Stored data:
___
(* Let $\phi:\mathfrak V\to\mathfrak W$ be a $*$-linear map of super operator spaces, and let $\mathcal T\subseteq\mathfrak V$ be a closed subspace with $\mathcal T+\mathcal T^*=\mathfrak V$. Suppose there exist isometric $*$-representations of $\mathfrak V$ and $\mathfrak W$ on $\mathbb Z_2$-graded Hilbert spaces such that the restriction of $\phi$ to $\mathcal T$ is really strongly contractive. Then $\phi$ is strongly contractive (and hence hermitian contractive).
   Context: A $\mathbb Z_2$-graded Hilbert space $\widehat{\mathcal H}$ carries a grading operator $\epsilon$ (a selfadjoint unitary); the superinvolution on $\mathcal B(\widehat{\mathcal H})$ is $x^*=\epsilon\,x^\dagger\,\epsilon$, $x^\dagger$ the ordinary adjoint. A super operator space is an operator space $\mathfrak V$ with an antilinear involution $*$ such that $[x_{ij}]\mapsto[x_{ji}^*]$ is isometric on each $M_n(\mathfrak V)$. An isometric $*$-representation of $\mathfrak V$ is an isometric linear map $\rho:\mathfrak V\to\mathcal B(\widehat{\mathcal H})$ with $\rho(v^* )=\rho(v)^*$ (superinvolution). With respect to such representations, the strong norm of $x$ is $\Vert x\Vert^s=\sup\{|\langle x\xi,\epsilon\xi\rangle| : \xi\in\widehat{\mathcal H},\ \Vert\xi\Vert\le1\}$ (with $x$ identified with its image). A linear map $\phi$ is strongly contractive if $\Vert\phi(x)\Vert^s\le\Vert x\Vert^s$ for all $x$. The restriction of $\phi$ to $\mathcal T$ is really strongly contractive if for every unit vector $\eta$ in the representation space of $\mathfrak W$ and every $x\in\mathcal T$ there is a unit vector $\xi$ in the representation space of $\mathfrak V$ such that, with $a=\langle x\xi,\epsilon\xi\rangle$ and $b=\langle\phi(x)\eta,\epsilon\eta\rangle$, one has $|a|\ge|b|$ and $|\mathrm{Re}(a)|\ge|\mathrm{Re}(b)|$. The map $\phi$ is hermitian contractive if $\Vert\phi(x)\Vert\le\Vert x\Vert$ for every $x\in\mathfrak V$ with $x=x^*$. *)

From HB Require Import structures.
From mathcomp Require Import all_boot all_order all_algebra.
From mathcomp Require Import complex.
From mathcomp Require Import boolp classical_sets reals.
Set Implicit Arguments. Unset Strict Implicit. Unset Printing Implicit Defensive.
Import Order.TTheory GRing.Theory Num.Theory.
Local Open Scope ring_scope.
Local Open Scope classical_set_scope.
___
TASK BRIEF
Please give the number of lines in the data where "Import" appears, without any other words.

ANSWER SPACE
5